Слово «ведьма» хуже, чем «якобит»?
Я не знаю. Вот вы говорите, сэр, что Вильгельм ненавидит якобитов и хочет избавить от них свою нацию, но почему-то сжечь собираются не их, а меня.
Макдоналды. У вас с ними общая цель. Победа якобитов. Вернется ли Яков обратно и станет ли королем? Будущее покажет. Оно рассудит нас. Однажды — через сотню лет, через две или три — люди, произнося «якобит», будут понимать, что значит это слово и к чему оно привело. Они будут знать, чем все закончилось, — если вообще закончится.
Нас уже не станет тогда. Ни вас, ни меня.

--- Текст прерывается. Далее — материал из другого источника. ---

Lemma st_rank_mono w : {in w &, {mono st_rank w : x y / x <= y}}.
Proof.
move=> x y xw yw; rewrite ltnS; case: (leqP x y) => [le_xy | lt_yx].
  by rewrite (count_ltn_split _ le_xy) leq_addr.
apply/negbTE; rewrite -ltnNge (count_ltn_split _ (ltnW lt_yx)) -addn1 leq_add2l -has_count.
by apply/hasP; exists y => //=; rewrite leqnn.
Qed.

Lemma st_rank_inj w : {in w &, injective (st_rank w)}.
Proof. exact/incn_inj_in/st_rank_mono. Qed.

Lemma st_map_mono f w : {in w &, {mono f : x y / x <= y}} -> st (map f w) = st w.
Proof.
move=> f_mono; rewrite /st -map_comp; apply/eq_in_map => x xw /=.
by congr S; rewrite count_map; apply: eq_in_count => y yw /=; rewrite !ltnNge f_mono.
Qed.

Lemma st_map_rank w u : {subset u <= w} -> st (map (st_rank w) u) = st u.
Proof. by move=> uw; apply/st_map_mono/(sub_in2 uw)/st_rank_mono. Qed.

Lemma st_take_st d w : st (take d (st w)) = st (take d w).
Proof. by rewrite -map_take st_map_rank // => x /mem_take. Qed.

Lemma st_drop_st d w : st (drop d (st w)) = st (drop d w).
Proof. by rewrite -map_drop st_map_rank // => x /mem_drop. Qed.

Lemma st_factor_st w i m : st (factor (st w) i m) = st (factor w i m).
Proof. by rewrite /factor -map_drop -map_take st_map_rank // => x /mem_take/mem_drop. Qed.

Lemma perm_iota1 u k : uniq u -> size u = k -> all (fun x => 0 < x <= k) u ->
  perm_eq u (iota 1 k).
Proof.
move=> u_uniq u_size /allP u_range; apply: uniq_perm => //; first exact: iota_uniq.
have [] // := @uniq_min_size _ u (iota 1 k) u_uniq; last by rewrite size_iota u_size.
by move=> x /u_range; rewrite mem_iota; lia.
Qed.

Lemma perm_st_iota u : uniq u -> perm_eq (st u) (iota 1 (size u)).
Proof.
move=> u_uniq; apply: perm_iota1; rewrite ?size_st //.
  by rewrite map_inj_in_uniq //; apply: st_rank_inj.
apply/allP => _ /mapP [x xu ->]; rewrite /st_rank /= -(count_predC (fun y => y < x)).
by rewrite -[X in X < _]addn0 ltn_add2l -has_count; apply/hasP; exists x => //=; rewrite ltnn.
Qed.

Lemma st_inj u u' : uniq u -> perm_eq u u' -> st u = st u' -> u = u'.
Proof.
move=> u_uniq uu' st_uu'; have size_uu' := perm_size uu'.
apply: (@eq_from_nth _ 0) => // i ltiu.
have := congr1 (nth 0 ^~ i) st_uu'; rewrite /= !(nth_map 0) -?size_uu' //.
rewrite -(seq.permP uu') => eq_rank.
by apply: (st_rank_inj (mem_nth 0 ltiu) _ eq_rank); rewrite (perm_mem uu') mem_nth -?size_uu'.
Qed.

(** * Splitting a permutation word *)

Definition pwords (n : nat) : seq (seq nat) := permutations (iota 1 n).

Lemma mem_pwords n w : (w \in pwords n) = perm_eq w (iota 1 n).
Proof. exact: mem_permutations. Qed.

Lemma uniq_pwords n : uniq (pwords n).
Proof. exact: permutations_uniq. Qed.

Lemma size_pwords n : size (pwords n) = n`!.
Proof. by rewrite size_permutations ?iota_uniq // size_iota. Qed.

Section PermutationWord.

Variables (n : nat) (w : seq nat).
Hypothesis w_pword : w \in pwords n.

Lemma pword_uniq : uniq w.
Proof. by move: w_pword; rewrite mem_pwords => /perm_uniq ->; apply: iota_uniq. Qed.

Lemma size_pword : size w = n.
Proof. by move: w_pword; rewrite mem_pwords => /perm_size ->; rewrite size_iota. Qed.

Lemma mem_pword v : (v \in w) = (0 < v <= n).
Proof. by move: w_pword; rewrite mem_pwords => /perm_mem ->; rewrite mem_iota; lia. Qed.

Lemma st_take_pword p : p <= n -> st (take p w) \in pwords p.
Proof.
move=> le_pn; rewrite mem_pwords.
by have := perm_st_iota (take_uniq p pword_uniq); rewrite size_takel // size_pword.
Qed.

Lemma st_drop_pword p : st (drop p w) \in pwords (n - p).
Proof.
rewrite mem_pwords.
by have := perm_st_iota (drop_uniq p pword_uniq); rewrite size_drop size_pword.
Qed.

End PermutationWord.

Lemma sum_fibers (T U : eqType) (f : T -> U) (r : seq T) (s : seq U) (F : U -> nat) :
  uniq s -> {in r, forall x, f x \in s} ->
  \sum_(x <- r) F (f x) = \sum_(u <- s) F u * count (fun x => f x == u) r.
Proof.
move=> s_uniq; elim: r => [_ | x r IHr fr_s].
  by rewrite big_nil big1 // => u _; rewrite muln0.
rewrite big_cons IHr => [|y yr]; last by apply: fr_s; rewrite inE yr orbT.
under [RHS]eq_bigr do rewrite /= mulnDr.
rewrite big_split /= [in RHS](bigD1_seq (f x)) ?fr_s ?mem_head //= eqxx muln1.
rewrite [X in _ = _ + X + _]big1 ?addn0 // => u.
by rewrite eq_sym => /negbTE->; rewrite muln0.
Qed.

Lemma bounded_sum_eq (I : eqType) (r : seq I) (F : I -> nat) c :
  {in r, forall i, F i <= c} -> \sum_(i <- r) F i = size r * c -> {in r, forall i, F i = c}.
Proof.
elim: r => [|x r IHr] // F_le; rewrite big_cons /= mulSn => sum_eq.
have le_x : F x <= c by apply: F_le; rewrite mem_head.
have le_r : {in r, forall i, F i <= c} by move=> i ir; apply: F_le; rewrite inE ir orbT.
have sum_le : \sum_(i <- r) F i <= size r * c.
  have : \sum_(i <- r) F i <= \sum_(i <- r) c by rewrite big_seq [leqRHS]big_seq; exact: leq_sum.
  by rewrite big_const_seq iter_addn_0 count_predT mulnC.
move=> i; rewrite inE => /predU1P [-> | ir]; first lia.
by apply: IHr => //; lia.
Qed.

Definition split_st (p : nat) (w : seq nat) : seq nat * seq nat :=
  (st (take p w), st (drop p w)).

Definition head_values (n p : nat) (w : seq nat) : {set 'I_n} :=
  [set i : 'I_n | i.+1 \in take p w].

Section SplitFibers.

Variables n p : nat.
Hypothesis le_pn : p <= n.

Lemma card_head_values w : w \in pwords n -> #|head_values n p w| = p.
Proof.
move=> w_pw; have w_uniq := pword_uniq w_pw.
rewrite cardsE cardE /enum_mem size_filter -enumT.
rewrite -(count_map (fun i : 'I_n => i.+1) (mem (take p w))).
have -> : [seq i.+1 | i : 'I_n <- enum 'I_n] = iota 1 n.
  by rewrite (map_comp S val) val_enum_ord -(iotaDl 1 0).
rewrite -(seq.permP (_ : perm_eq w (iota 1 n))) -?mem_pwords // -size_filter.
have le_pw : p <= size w by rewrite (size_pword w_pw).
rewrite -[RHS](size_takel le_pw).
apply/perm_size/uniq_perm; rewrite ?filter_uniq ?take_uniq // => v.
by rewrite mem_filter andb_idr // => /mem_take.
Qed.

Lemma head_values_inj w1 w2 : w1 \in pwords n -> w2 \in pwords n ->
  split_st p w1 = split_st p w2 -> head_values n p w1 = head_values n p w2 -> w1 = w2.
Proof.
move=> w1_pw w2_pw [st_take12 st_drop12] hv12.
have take12 : take p w1 =i take p w2.
  have sub w w' : w \in pwords n -> head_values n p w = head_values n p w' ->
      {subset take p w <= take p w'}.
    move=> w_pw hv v vt; have := mem_take vt; rewrite (mem_pword w_pw) => v_range.
    have lt_vn : v.-1 < n by lia.
    by move/setP: hv => /(_ (Ordinal lt_vn)); rewrite !inE /= prednK ?vt //; lia.
  by move=> v; apply/idP/idP; apply: sub; rewrite // hv12.
have uniq_w1 := pword_uniq w1_pw; have uniq_w2 := pword_uniq w2_pw.
have perm_take : perm_eq (take p w1) (take p w2) by apply: uniq_perm; rewrite ?take_uniq.
have eq_take : take p w1 = take p w2 by apply: st_inj; rewrite ?take_uniq.
have perm_drop : perm_eq (drop p w1) (drop p w2).
  rewrite -(perm_cat2l (take p w1)) {2}eq_take !cat_take_drop.
  by apply: (@perm_trans _ (iota 1 n)); rewrite -?mem_pwords // perm_sym -mem_pwords.
have eq_drop : drop p w1 = drop p w2 by apply: st_inj; rewrite ?drop_uniq.
by rewrite -(cat_take_drop p w1) eq_take eq_drop cat_take_drop.
Qed.

Lemma split_fiber_le xy : count (fun w => split_st p w == xy) (pwords n) <= 'C(n, p).
Proof.
rewrite -size_filter -[in leqRHS](card_ord n) -card_draws cardE.
rewrite -(size_map (head_values n p)).
apply: uniq_leq_size => [|A /mapP [w]]; last first.
  by rewrite mem_filter => /andP [_ w_pw] ->; rewrite mem_enum inE card_head_values.
rewrite map_inj_in_uniq ?filter_uniq ?uniq_pwords // => w1 w2.
rewrite !mem_filter => /andP [/eqP fib1 w1_pw] /andP [/eqP fib2 w2_pw].
by apply: head_values_inj; rewrite // fib1 fib2.
Qed.

Lemma uniq_split_pairs : uniq [seq (x, y) | x <- pwords p, y <- pwords (n - p)].
Proof. by rewrite allpairs_uniq ?uniq_pwords // => -[? ?] [? ?]. Qed.

Lemma split_st_pairs :
  {in pwords n, forall w, split_st p w \in [seq (x, y) | x <- pwords p, y <- pwords (n - p)]}.
Proof.
move=> w w_pw; apply/allpairsP; exists (split_st p w).
by rewrite /= (st_take_pword w_pw le_pn) (st_drop_pword w_pw).
Qed.

(* The n! words are spread over p! (n - p)! fibers of size at most C(n, p),
   hence all fibers have exactly C(n, p) elements. *)
Lemma split_fiber_eq x y : x \in pwords p -> y \in pwords (n - p) ->
  count (fun w => split_st p w == (x, y)) (pwords n) = 'C(n, p).
Proof.
move=> x_pw y_pw.
apply: (bounded_sum_eq (F := fun xy => count (fun w => split_st p w == xy) _)
  (r := [seq (x, y) | x <- pwords p, y <- pwords (n - p)])).
- by move=> ? _; apply: split_fiber_le.
- have := sum_fibers (fun _ => 1) uniq_split_pairs split_st_pairs.
  rewrite sum1_size size_pwords size_allpairs !size_pwords mulnC bin_fact // => ->.
  by under [RHS]eq_bigr do rewrite mul1n.
- by apply/allpairsP; exists (x, y).
Qed.

Lemma count_split (P Q : pred (seq nat)) :
  count (fun w => P (st (take p w)) && Q (st (drop p w))) (pwords n) =
  'C(n, p) * count P (pwords p) * count Q (pwords (n - p)).
Proof.
rewrite count_sumE.
rewrite (sum_fibers (fun xy => P xy.1 && Q xy.2 : nat) uniq_split_pairs split_st_pairs).
rewrite big_allpairs !count_sumE -mulnA big_distrlr big_distrr /=.
apply: eq_big_seq => x x_pw; rewrite big_distrr /=; apply: eq_big_seq => y y_pw.
by rewrite split_fiber_eq // -mulnb mulnC.
Qed.

End SplitFibers.

(** * Marked occurrences *)

(* Positions are 1-indexed; position 0 is junk and behaves like 1, hence the
   positivity hypotheses on lists of positions below. *)
Definition occurs (m : nat) (pw w : seq nat) (i : nat) : bool := st (factor w i m) == pw.

Definition marked_count (m : nat) (pw : seq nat) (n : nat) (T : seq nat) : nat :=
  count (fun w => all (occurs m pw w) T) (pwords n).

Definition straddles (m p i : nat) : bool := i <= p < i + m - 1.

Lemma occurs_st m pw w i : occurs m pw (st w) i = occurs m pw w i.
Proof. by rewrite /occurs st_factor_st. Qed.

Lemma occurs_take m pw w p i : 0 < i -> i + m - 1 <= p ->
  occurs m pw (take p w) i = occurs m pw w i.
Proof. by move=> i_gt0 le_ip; rewrite /occurs /factor !take_drop take_takel //; lia. Qed.

Lemma occurs_drop m pw w p i : p < i -> occurs m pw (drop p w) (i - p) = occurs m pw w i.
Proof.
move=> lt_pi; rewrite /occurs /factor drop_drop.
by congr (st (take _ (drop _ _)) == _); lia.
Qed.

Меня не станет быстрее, конечно.
Разговоры о политике жужжали, как пчелы в июне. Они носились в воздухе, и я слышала их отголоски везде — в шепоте на речном берегу и в выкриках на склонах холмов. Слово «Ахалладер» гулом разносилось по долине, и даже мой олень тряс головой и держался подальше. Я выследила его на вершинах. Он сбросил рога, но я знала, что это он. Он стоял неподвижно, подняв копыто.
Я не понимала этого слова. Мне было не до того — у меня образовалось нечто вроде небольшой фермы. Со мной жили семь кур, потому что одна из моих девочек сошлась с петушком и вот что получилось. Три яйца ей высидеть не удалось. А из пяти вылупились цыплята, вначале они были желтыми, суетливыми и ныряли под хвост матери, когда мимо проходила корова. Они росли потихоньку и вскоре сами копошились в грязи и откладывали яйца. Они все рассаживались на орехе в те длинные летние ночи.